By Pastor Shaun LePage
History happens every day. Most of it is forgotten, but some remains. Some events find a way of enduring in the memories of people. Some history is permanently important to some people, but completely unimportant to others. For example, can you name the “Independence Day” of even 3-4 other countries?
My family and I recently visited the Laura Ingalls Wilder Museum in Mansfield, Missouri. As you know, Laura’s books are popular all around the world. But think about it — she just wrote a few stories about a fairly normal family in late nineteenth-century America. If she hadn’t written that history, no one would know anything about the Ingalls family. Millions of other people from that same era are completely forgotten today.
If you visit a tiny Catholic high school in Joplin, Missouri, you’ll see a banner hanging in the gymnasium. It reads “4th Place in State, 1981”. I was on that team, but I can’t tell you the names of the schools who won first, second and third in 1981 — or any other year in any other high school state tournament ever! But, it was such a big deal to our tiny 1A high school, it has become a legendary part of our history that inspires every basketball team of every generation of that school.
Some history is so important, one generation does all it can to make sure future generations never forget. As I write this post, tomorrow is Memorial Day. To many, it’s just an extra day off from work, or a time to get together with friends and family to grill hot dogs. But a previous generation set aside the last Monday of every May to make sure we remembered history — something monumentally important that happened in their generation. Do you know what it was? The loss of their sons. They originally called it Decoration Day — a time for the nation to decorate the graves of those who had died in the Civil War. Later, the name was changed to Memorial Day and all those who died defending the freedom of this great country are remembered in a special way.
Today we held our final worship gathering in the building our church has owned since 1992 — 23 years. That’s history! It doesn’t matter to very many people. There will be no national holidays. No media reporters covered it. We did not erect a monument for future generations to remember this day.
But that doesn’t mean it doesn’t matter.
It does matter a great deal. It matters to us. It matters to our children. We have a lot of great memories from so many years of getting together in that building. That shared history matters.
But, it should matter for other reasons. It should matter even to those who aren’t part of Community Bible Church. It should matter to all Christians who love the church — the Body of Christ. Why? Because it represents at least two things that are far more important than the sale of a plain little building in Kansas.
The first is simple and yet so important to remember: The church is not a building. We’ve shared a lot of great times together in the building we’ve all-too-often referred to as “the church.” But why were they great times? Because the church is so beautiful? Because it has so many cool features and architectural components? Hardly. We have great memories because of the times we — the church, the people who own the building — have spent together. By selling our building we will accomplish some important things. One of them is to remind ourselves in a profound way that the church is people. When we remember that, we have a much better shot at keeping our priorities straight. When we keep our priorities straight, it’s actually possible that we’ll stay on task with the mission Christ has given us: the making of disciples.

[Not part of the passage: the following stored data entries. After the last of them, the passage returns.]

(* Let $q>1$, let $\mathbb{X}$ be a Banach space, let $f:\overline{q^{\mathbb{Z}}}\times\mathbb{X}\to\mathbb{X}$ be almost automorphic in $t$ for each $x\in\mathbb{X}$, and suppose $f$ is Lipschitz in $x$ uniformly in $t$, i.e. there is $L>0$ with $\|f(t,x)-f(t,y)\|\le L\|x-y\|$ for all $x,y\in\mathbb{X}$, $t\in\overline{q^{\mathbb{Z}}}$. Let $\varphi:\overline{q^{\mathbb{Z}}}\to\mathbb{X}$ be almost automorphic. Then $F:\overline{q^{\mathbb{Z}}}\to\mathbb{X}$, $F(t)=f(t,\varphi(t))$, is almost automorphic.
   Context: $\overline{q^{\mathbb{Z}}}=\{q^n:n\in\mathbb{Z}\}\cup\{0\}$ with $q>1$; a function on it is continuous iff $\lim_{n\to-\infty}f(q^n)=f(0)$. Definition 1: a continuous function $h:\overline{q^{\mathbb{Z}}}\to\mathbb{X}$ is almost automorphic if for every sequence of integers $(s_n')$ there exists a subsequence $(s_n)$ such that $k(t):=\lim_{n\to\infty}h(tq^{s_n})$ exists for each $t\in\overline{q^{\mathbb{Z}}}$ and $\lim_{n\to\infty}k(tq^{-s_n})=h(t)$ for each $t$. Definition 2: a continuous function $f:\overline{q^{\mathbb{Z}}}\times\mathbb{X}\to\mathbb{X}$ is almost automorphic in $t$ for each $x\in\mathbb{X}$ if for every sequence of integers $(s_n')$ there exists a subsequence $(s_n)$ such that $g(t,x):=\lim_{n\to\infty}f(tq^{s_n},x)$ exists for each $t\in\overline{q^{\mathbb{Z}}}$, $x\in\mathbb{X}$, and $\lim_{n\to\infty}g(tq^{-s_n},x)=f(t,x)$ for each $t\in\overline{q^{\mathbb{Z}}}$, $x\in\mathbb{X}$. *)

From HB Require Import structures.
From mathcomp Require Import all_boot all_order all_algebra.
From mathcomp Require Import all_classical all_reals all_analysis.
Set Implicit Arguments. Unset Strict Implicit. Unset Printing Implicit Defensive.
Import Order.TTheory GRing.Theory Num.Theory.
Import numFieldNormedType.Exports.
Local Open Scope classical_set_scope.
Local Open Scope ring_scope.

Definition qZbar {R : realType} (q : R) : set R :=
  [set t | t = 0 \/ exists n : int, t = q ^ n].

Definition subseq_of (s s' : nat -> int) : Prop :=
  exists phi : nat -> nat,
    {homo phi : m n / (m < n)%N >-> (m < n)%N} /\ forall n, s n = s' (phi n).

Definition almost_automorphic {R : realType} {X : normedModType R}
  (q : R) (h : R -> X) : Prop :=
  {within qZbar q, continuous h} /\
  forall s' : nat -> int, exists s : nat -> int, subseq_of s s' /\
    exists k : R -> X,
      (forall t, qZbar q t -> (fun n => h (t * q ^ (s n))) @ \oo --> k t) /\
      (forall t, qZbar q t -> (fun n => k (t * q ^ (- s n))) @ \oo --> h t).

Definition almost_automorphic_t {R : realType} {X : normedModType R}
  (q : R) (f : R -> X -> X) : Prop :=
  {within qZbar q `*` [set: X], continuous (fun p : R * X => f p.1 p.2)} /\
  forall s' : nat -> int, exists s : nat -> int, subseq_of s s' /\
    exists g : R -> X -> X,
      (forall t x, qZbar q t -> (fun n => f (t * q ^ (s n)) x) @ \oo --> g t x) /\
      (forall t x, qZbar q t -> (fun n => g (t * q ^ (- s n)) x) @ \oo --> f t x).

From HB Require Import structures.
From mathcomp Require Import all_boot all_order all_algebra.
From mathcomp Require Import all_classical all_reals all_analysis.
Import Order.TTheory GRing.Theory Num.Theory.
Import numFieldNormedType.Exports.
Local Open Scope classical_set_scope.
Local Open Scope ring_scope.

(* Continuity of t |-> f (t, phi t) needs only the joint continuity of f.  For
   the sequence condition, extract a subsequence for phi with limit k, then a
   further one for f along it with limit g, and take t |-> g t (k t).  The
   Lipschitz bound passes from the f (t q^s_n) to their pointwise limits g t,
   and for a uniformly Lipschitz family, G_n c --> a and c_n --> c give
   G_n c_n --> a; this yields both limits required by the definition. *)

Lemma qZbar_mulr_exp {R : realType} (q : R) (k : int) (t : R) :
  q != 0 -> qZbar q t -> qZbar q (t * q ^ k).
Proof.
move=> q0 [->|[m ->]]; first by left; rewrite mul0r.
by right; exists (m + k); rewrite exprzDr // unitfE.
Qed.

Lemma subseq_of_trans (s2 s1 s : nat -> int) :
  subseq_of s2 s1 -> subseq_of s1 s -> subseq_of s2 s.
Proof.
move=> [p2 [p2_incr s2E]] [p1 [p1_incr s1E]].
exists (p1 \o p2); split=> [m n mn|n] /=; first exact/p1_incr/p2_incr.
by rewrite s2E s1E.
Qed.

Lemma subseq_of_cvg {T : topologicalType} (u : int -> T) {s2 s1 : nat -> int}
    {l : T} :
  subseq_of s2 s1 ->
  u (s1 n) @[n --> \oo] --> l -> u (s2 n) @[n --> \oo] --> l.
Proof.
move=> [p [p_incr s2E]] us1_l.
have p_infl n : (n <= p n)%N.
  by elim: n => // n IHn; exact: leq_ltn_trans IHn (p_incr _ _ (ltnSn n)).
have p_cvg : p @ \oo --> \oo.
  move=> P [N _ NP]; exists N => // n /= Nn.
  exact/NP/(leq_trans Nn (p_infl n)).
have -> : (fun n => u (s2 n)) = (fun n => u (s1 n)) \o p.
  by apply: funext => n /=; rewrite s2E.
exact: cvg_comp p_cvg us1_l.
Qed.

Lemma within_continuous_comp_pair {T U V : topologicalType} (A : set T)
    (f : T * U -> V) (h : T -> U) :
  {within A `*` [set: U], continuous f} -> {within A, continuous h} ->
  {within A, continuous (fun t => f (t, h t))}.
Proof.
move=> /subspace_continuousP f_cont /subspace_continuousP h_cont.
apply/subspace_continuousP => x Ax.
suff pair_cvg : (fun t => (t, h t)) @ within A (nbhs x) -->
    within (A `*` [set: U]) (nbhs (x, h x)).
  exact: cvg_comp pair_cvg (f_cont (x, h x) (conj Ax I)).
move=> P [[P1 P2] /= [P1x P2hx] P12P].
apply: filterS2 P1x (h_cont x Ax _ P2hx) => t P1t P2ht At.
by apply: P12P; split => //; exact: P2ht.
Qed.

Lemma cvg_lipschitz_app {R : realFieldType} {U V : normedModType R} {T : Type}
    {F : set_system T} {FF : Filter F} (G : T -> U -> V) (u : T -> U)
    (c : U) (a : V) (L : R) :
  (\forall n \near F, forall x y, `|G n x - G n y| <= L * `|x - y|) ->
  (fun n => G n c) @ F --> a -> u @ F --> c -> (fun n => G n (u n)) @ F --> a.
Proof.
move=> G_lip Gc_a u_c; apply: cvg_sub0 Gc_a; apply: norm_cvg0.
have Lu_0 : (fun n => L * `|u n - c|) @ F --> (0 : R).
  rewrite -(mulr0 L) -(normr0 U); apply: cvgM; first exact: cvg_cst.
  by apply: cvg_norm; apply/subr_cvg0.
apply: (squeeze_cvgr _ (cvg_cst 0) Lu_0).
by apply: filterS G_lip => n Gn_lip; rewrite normr_ge0 Gn_lip.
Qed.

Lemma lipschitz_cvg {R : realFieldType} {U V : normedModType R} {T : Type}
    {F : set_system T} {FF : ProperFilter F} (G : T -> U -> V) (g : U -> V)
    (L : R) :
  (\forall n \near F, forall x y, `|G n x - G n y| <= L * `|x - y|) ->
  (forall x, (fun n => G n x) @ F --> g x) ->
  forall x y, `|g x - g y| <= L * `|x - y|.
Proof.
move=> G_lip G_g x y.
have Gxy : `|G n x - G n y| @[n --> F] --> `|g x - g y|.
  by apply: cvg_norm; apply: cvgB.
apply: (closed_cvg _ (@closed_le R (L * `|x - y|)) _ _ Gxy).
by apply: filterS G_lip => n; apply.
Qed.

Theorem theorem3p10 (R : realType) (X : completeNormedModType R) (q : R)
  (hq : 1 < q) (f : R -> X -> X) (phi : R -> X) :
  almost_automorphic_t q f ->
  (exists L : R, 0 < L /\
     forall t (x y : X), qZbar q t -> `|f t x - f t y| <= L * `|x - y|) ->
  almost_automorphic q phi ->
  almost_automorphic q (fun t => f t (phi t)).
Proof.
move=> [f_cont f_aa] [L [_ f_lip]] [phi_cont phi_aa].
split; first exact: (within_continuous_comp_pair _ _ _ f_cont phi_cont).
move=> s'; have [s1 [s1s' [k [phi_k k_phi]]]] := phi_aa s'.
have [s [ss1 [g [f_g g_f]]]] := f_aa s1.
exists s; split; first exact: subseq_of_trans ss1 s1s'.
have qZ_shift t (m : int) : qZbar q t -> qZbar q (t * q ^ m).
  by apply: qZbar_mulr_exp; rewrite gt_eqF // (lt_trans ltr01 hq).
have g_lip t : qZbar q t -> forall x y, `|g t x - g t y| <= L * `|x - y|.
  move=> qt; apply: lipschitz_cvg (f_g t ^~ qt).
  by apply: filterE => n x y; apply: f_lip; apply: qZ_shift.
exists (fun t => g t (k t)); split => t qt.
- apply: (cvg_lipschitz_app (fun n => f (t * q ^ s n))
    (fun n => phi (t * q ^ s n)) (k t) _ L).
  + by apply: filterE => n x y; apply: f_lip; apply: qZ_shift.
  + exact: f_g.
  + exact: (subseq_of_cvg (fun m => phi (t * q ^ m)) ss1 (phi_k t qt)).
- apply: (cvg_lipschitz_app (fun n => g (t * q ^ (- s n)))
    (fun n => k (t * q ^ (- s n))) (phi t) _ L).
  + by apply: filterE => n x y; apply: g_lip; apply: qZ_shift.
  + exact: g_f.
  + exact: (subseq_of_cvg (fun m => k (t * q ^ (- m))) ss1 (k_phi t qt)).
Qed.
(* Case on every conditional of the goal and the context; the facts about
   [walk] below are finitely many linear-arithmetic checks per case. *)
Ltac case_ifs :=
  let split_ifs := repeat (cbv beta; match goal with
    | |- context [if _ then _ else _] => case: ifP => ?
    | H : context [if _ then _ else _] |- _ => move: H; case: ifP => ? H
    end) in
  split_ifs; simpl; split_ifs.

Lemma step_lt3 l q : step l q < 3.
Proof. by rewrite /step; case_ifs. Qed.

Lemma walk_lt l q m : 6 <= l -> walk l q m < l.
Proof. by move=> *; rewrite /walk /point3; case_ifs; lia. Qed.

Lemma walk_inj l q q' : 6 <= l -> q < l -> q' < l ->
  (forall m, m < 3 -> walk l q m = walk l q' m) -> q = q'.
Proof.
move=> l_ge q_lt q'_lt eq_walk.
move: (eq_walk 0 erefl) (eq_walk 1 erefl) (eq_walk 2 erefl).
by rewrite /walk /point3 /=; case_ifs; lia.
Qed.

Lemma line_inj l q q' : 6 <= l -> q < l -> q' < l -> step l q = step l q' ->
  (forall m, m < 3 -> m != step l q -> walk l q m = walk l q' m) -> q = q'.
Proof.
move=> l_ge q_lt q'_lt eq_step eq_walk.
move: (eq_walk 0 erefl) (eq_walk 1 erefl) (eq_walk 2 erefl) eq_step.
by rewrite /walk /point3 /step /=; case_ifs; lia.
Qed.

Lemma walk_next l q m : 6 <= l -> q < l -> m < 3 -> m != step l (q.+1 %% l) ->
  walk l q m = walk l (q.+1 %% l) m.
Proof.
move=> l_ge q_lt m_lt.
have [[-> q_eq] | [-> q_lt']] : (q.+1 %% l = 0 /\ q.+1 = l) \/ (q.+1 %% l = q.+1 /\ q.+1 < l).
  case: (ltngtP q.+1 l) => [lt | gt | eq]; [right | lia | left].
  - by rewrite modn_small.
  - by rewrite eq modnn.
all: by rewrite /walk /point3 /step; case_ifs; lia.
Qed.

Definition in_grid (l : nat) (p : nat -> nat) : Prop := forall m, m < 3 -> p m < l.

Lemma cycle_succ (l j j' : nat) : j < 2 * l -> j' = j.+1 %% (2 * l) ->
  if j %% 2 == 0 then j' %% 2 = 1 /\ j' %/ 2 = j %/ 2
  else j' %% 2 = 0 /\ j' %/ 2 = (j %/ 2).+1 %% l.
Proof.
move=> j_lt ->; have [lt | gt | eq] := ltngtP j.+1 (2 * l).
- rewrite (modn_small lt); case: ifP => j_even; first lia.
  by rewrite (@modn_small (j %/ 2).+1 l); lia.
- lia.
- have -> : (j %/ 2).+1 = l by lia.
  by rewrite eq !modnn; case: ifP; lia.
Qed.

The second is not so simple. It has led to much conflict and confusion and division: The church must change. Much has been written on this and the chorus of voices in agreement on this subject is loud and strong. I won’t belabor the issue here. But, the point is that selling a building is a big change. A very big change. It creates extra work. It’s unsettling. It’s emotional. But the changes we’ve been making in order to realign ourselves with the way of Christ and His Apostles represent the kind of changes churches around the country will need to make if we hope to reverse our ineffectiveness. If we hope to reach the people of our culture. If we hope to strengthen a weakened Church. If we hope to raise up the needed leaders for the next generation. The stakes are high and I believe the Holy Spirit is leading us to return to the simplicity and purity of the earliest churches. Buildings aren’t wrong. But, they’re not usually necessary and are often a distraction from the real work God has given us to do.
History is happening right now. The days ahead are uncertain in many ways for our little church. But, I’m convinced we will look back on this day as a crucial step in the journey God has been orchestrating for us. Perhaps some will see today as a funeral. In one sense, maybe it is. But I encourage you to remember the words of Jesus from John 12:24 — Jesus was talking about His death and resurrection in context, but vs. 24 presents a general principle from nature that applies to our situation:
“Truly, truly, I say to you, unless a grain of wheat falls into the earth and dies, it remains alone; but if it dies, it bears much fruit.”
If this day — our final day at 906 N. 1464 Rd. — felt like a funeral, then I believe it’s like a funeral for a grain of wheat. For a grain of wheat to produce the way God intended it to, it must die. So today it’s okay to mourn. But don’t stay there too long. I pray you’ll see the sale of our building as I see it — a “planting”. The sowing of seed.